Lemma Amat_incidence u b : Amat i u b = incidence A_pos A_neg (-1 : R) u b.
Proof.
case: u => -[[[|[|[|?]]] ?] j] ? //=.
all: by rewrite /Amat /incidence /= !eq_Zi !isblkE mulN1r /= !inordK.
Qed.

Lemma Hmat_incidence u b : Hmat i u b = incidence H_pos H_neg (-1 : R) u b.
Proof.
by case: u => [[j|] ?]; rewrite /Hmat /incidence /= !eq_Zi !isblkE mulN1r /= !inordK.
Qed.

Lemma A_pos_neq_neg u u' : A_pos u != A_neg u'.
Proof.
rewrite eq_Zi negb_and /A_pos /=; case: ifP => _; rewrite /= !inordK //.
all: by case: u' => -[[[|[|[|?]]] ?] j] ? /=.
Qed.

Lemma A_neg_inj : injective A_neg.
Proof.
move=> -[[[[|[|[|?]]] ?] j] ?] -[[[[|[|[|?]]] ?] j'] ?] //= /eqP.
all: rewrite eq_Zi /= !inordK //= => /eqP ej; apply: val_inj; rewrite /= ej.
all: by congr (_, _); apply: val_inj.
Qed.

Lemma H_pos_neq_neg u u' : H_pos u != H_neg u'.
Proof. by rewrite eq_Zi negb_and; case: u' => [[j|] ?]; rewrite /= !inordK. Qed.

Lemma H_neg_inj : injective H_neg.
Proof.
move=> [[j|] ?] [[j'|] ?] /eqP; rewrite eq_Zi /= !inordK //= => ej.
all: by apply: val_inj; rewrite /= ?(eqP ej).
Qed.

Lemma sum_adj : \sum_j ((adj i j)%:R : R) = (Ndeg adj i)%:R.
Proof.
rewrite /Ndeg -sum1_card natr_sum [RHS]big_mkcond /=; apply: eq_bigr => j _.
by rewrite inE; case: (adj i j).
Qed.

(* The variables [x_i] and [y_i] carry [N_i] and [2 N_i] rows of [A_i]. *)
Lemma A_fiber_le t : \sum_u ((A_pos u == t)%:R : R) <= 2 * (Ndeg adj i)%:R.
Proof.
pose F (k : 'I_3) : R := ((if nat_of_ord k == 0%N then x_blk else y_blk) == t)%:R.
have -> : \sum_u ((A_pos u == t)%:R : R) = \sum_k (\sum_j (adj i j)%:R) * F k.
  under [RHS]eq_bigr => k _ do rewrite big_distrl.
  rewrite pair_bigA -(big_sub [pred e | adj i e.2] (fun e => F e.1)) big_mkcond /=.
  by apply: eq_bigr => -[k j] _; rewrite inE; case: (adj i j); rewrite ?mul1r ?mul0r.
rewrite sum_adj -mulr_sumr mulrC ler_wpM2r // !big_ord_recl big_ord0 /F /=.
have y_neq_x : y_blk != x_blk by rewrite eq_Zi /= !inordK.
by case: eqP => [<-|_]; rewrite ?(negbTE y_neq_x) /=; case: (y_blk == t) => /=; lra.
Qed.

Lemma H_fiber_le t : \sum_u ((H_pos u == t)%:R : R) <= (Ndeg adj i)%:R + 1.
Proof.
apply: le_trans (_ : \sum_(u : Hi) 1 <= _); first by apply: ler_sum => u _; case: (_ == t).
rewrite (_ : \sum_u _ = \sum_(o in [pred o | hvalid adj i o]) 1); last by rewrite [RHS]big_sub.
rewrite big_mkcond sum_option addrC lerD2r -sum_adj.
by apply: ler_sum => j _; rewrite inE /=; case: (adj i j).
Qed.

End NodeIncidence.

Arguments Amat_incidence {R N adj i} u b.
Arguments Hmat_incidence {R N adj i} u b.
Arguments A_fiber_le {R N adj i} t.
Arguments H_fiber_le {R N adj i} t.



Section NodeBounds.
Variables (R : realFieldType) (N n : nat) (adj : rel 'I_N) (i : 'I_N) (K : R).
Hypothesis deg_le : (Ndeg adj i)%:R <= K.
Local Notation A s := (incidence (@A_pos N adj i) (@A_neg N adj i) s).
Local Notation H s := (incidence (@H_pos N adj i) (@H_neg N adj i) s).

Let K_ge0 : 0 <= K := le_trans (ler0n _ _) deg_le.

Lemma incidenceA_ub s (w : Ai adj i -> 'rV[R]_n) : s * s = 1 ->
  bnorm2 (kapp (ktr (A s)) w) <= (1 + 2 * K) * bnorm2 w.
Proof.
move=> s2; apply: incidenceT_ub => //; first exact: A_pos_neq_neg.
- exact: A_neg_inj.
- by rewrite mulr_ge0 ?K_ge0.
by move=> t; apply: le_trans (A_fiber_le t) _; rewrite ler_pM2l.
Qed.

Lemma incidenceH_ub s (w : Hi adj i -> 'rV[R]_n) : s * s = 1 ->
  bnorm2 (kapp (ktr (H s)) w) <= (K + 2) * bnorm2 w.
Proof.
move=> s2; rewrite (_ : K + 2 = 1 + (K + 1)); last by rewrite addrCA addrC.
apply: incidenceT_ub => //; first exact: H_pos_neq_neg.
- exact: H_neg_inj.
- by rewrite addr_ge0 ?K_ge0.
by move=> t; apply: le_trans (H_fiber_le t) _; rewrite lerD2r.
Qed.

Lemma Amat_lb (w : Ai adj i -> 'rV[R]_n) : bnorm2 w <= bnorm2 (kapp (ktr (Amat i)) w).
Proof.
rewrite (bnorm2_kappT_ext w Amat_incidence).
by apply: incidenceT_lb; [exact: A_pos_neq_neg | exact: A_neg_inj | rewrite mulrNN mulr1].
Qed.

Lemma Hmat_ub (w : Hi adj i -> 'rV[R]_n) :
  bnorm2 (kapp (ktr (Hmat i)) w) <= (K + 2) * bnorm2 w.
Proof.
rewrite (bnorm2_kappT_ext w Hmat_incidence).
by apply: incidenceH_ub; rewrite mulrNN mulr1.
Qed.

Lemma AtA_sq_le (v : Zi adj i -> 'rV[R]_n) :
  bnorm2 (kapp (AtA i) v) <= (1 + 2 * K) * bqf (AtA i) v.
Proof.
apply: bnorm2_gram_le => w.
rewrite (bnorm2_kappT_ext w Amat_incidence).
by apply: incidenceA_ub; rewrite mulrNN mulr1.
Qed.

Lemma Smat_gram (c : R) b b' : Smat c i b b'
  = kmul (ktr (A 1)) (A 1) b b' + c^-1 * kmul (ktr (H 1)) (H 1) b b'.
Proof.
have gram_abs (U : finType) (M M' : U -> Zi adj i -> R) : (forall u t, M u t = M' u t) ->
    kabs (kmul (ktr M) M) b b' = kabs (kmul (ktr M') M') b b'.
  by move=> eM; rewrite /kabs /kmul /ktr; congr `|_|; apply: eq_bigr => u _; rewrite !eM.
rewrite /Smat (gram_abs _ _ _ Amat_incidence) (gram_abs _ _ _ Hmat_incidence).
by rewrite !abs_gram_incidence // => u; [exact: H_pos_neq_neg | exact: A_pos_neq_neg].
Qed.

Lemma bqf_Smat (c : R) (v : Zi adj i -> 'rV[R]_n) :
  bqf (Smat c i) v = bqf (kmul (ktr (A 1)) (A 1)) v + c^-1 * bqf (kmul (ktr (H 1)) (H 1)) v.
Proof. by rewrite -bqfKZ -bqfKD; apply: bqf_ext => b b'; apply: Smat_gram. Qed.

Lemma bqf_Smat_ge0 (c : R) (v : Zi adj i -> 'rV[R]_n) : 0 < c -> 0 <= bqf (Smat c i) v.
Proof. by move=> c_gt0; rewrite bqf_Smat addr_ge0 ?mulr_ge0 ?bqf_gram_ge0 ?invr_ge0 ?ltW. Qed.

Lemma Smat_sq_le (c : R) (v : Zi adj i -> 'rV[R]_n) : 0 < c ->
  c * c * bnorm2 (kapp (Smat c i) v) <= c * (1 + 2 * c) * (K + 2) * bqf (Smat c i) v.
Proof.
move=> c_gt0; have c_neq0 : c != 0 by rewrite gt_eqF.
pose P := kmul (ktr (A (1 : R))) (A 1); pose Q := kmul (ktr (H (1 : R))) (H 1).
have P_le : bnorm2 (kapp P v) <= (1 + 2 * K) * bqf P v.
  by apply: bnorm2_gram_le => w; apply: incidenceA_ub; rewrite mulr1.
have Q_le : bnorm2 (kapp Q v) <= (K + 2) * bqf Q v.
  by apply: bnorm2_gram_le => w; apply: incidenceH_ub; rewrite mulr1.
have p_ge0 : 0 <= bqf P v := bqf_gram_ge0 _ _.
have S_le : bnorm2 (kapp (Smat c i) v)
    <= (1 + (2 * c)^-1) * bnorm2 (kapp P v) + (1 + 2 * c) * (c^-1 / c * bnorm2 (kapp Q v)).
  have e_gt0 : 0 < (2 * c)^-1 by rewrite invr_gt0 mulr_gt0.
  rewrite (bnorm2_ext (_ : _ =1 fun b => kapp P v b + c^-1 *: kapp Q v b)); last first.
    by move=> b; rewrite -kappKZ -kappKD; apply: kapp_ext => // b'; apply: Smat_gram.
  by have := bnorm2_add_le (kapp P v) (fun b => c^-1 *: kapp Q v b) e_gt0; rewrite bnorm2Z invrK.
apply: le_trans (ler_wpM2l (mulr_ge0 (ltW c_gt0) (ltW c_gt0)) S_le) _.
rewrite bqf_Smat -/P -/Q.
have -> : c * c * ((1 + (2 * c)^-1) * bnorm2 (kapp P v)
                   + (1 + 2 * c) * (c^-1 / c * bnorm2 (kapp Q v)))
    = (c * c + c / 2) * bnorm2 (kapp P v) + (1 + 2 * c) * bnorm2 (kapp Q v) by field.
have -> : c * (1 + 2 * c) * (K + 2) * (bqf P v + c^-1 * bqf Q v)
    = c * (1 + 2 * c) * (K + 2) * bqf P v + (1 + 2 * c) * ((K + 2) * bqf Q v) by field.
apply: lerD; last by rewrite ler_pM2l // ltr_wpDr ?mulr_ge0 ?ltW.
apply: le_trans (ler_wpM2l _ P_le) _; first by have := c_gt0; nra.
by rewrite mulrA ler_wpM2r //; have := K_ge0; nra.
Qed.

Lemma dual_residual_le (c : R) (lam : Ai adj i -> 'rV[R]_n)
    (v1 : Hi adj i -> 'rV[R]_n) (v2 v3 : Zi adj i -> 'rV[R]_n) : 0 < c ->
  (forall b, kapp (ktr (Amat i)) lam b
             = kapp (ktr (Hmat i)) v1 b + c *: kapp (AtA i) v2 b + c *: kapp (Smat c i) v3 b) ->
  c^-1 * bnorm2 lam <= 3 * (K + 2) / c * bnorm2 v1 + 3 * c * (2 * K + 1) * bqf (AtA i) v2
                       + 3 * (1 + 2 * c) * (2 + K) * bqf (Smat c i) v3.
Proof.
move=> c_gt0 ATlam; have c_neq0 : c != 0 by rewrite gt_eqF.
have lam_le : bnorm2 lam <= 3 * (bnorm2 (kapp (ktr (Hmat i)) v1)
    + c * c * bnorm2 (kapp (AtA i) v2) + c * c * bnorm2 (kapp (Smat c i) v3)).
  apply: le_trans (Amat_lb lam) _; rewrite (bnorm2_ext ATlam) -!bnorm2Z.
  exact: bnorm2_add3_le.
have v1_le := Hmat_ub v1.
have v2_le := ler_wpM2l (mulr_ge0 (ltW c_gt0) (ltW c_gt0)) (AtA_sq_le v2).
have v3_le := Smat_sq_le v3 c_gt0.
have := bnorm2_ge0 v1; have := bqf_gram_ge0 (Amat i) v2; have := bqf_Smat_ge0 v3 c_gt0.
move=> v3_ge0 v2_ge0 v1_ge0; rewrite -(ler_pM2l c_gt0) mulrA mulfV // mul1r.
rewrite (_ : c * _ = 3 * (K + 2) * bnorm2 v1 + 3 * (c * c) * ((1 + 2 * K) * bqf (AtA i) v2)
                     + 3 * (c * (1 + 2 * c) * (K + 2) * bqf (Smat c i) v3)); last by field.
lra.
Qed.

**About this exercise**
Retype only the lines above between the line with "bqf Q v) by field." and the line with "c i) v3 b) ->", counting those two lines as well, and keep every character as it is.

**Answer box**
    = c * (1 + 2 * c) * (K + 2) * bqf P v + (1 + 2 * c) * ((K + 2) * bqf Q v) by field.
apply: lerD; last by rewrite ler_pM2l // ltr_wpDr ?mulr_ge0 ?ltW.
apply: le_trans (ler_wpM2l _ P_le) _; first by have := c_gt0; nra.
by rewrite mulrA ler_wpM2r //; have := K_ge0; nra.
Qed.

Lemma dual_residual_le (c : R) (lam : Ai adj i -> 'rV[R]_n)
    (v1 : Hi adj i -> 'rV[R]_n) (v2 v3 : Zi adj i -> 'rV[R]_n) : 0 < c ->
  (forall b, kapp (ktr (Amat i)) lam b
             = kapp (ktr (Hmat i)) v1 b + c *: kapp (AtA i) v2 b + c *: kapp (Smat c i) v3 b) ->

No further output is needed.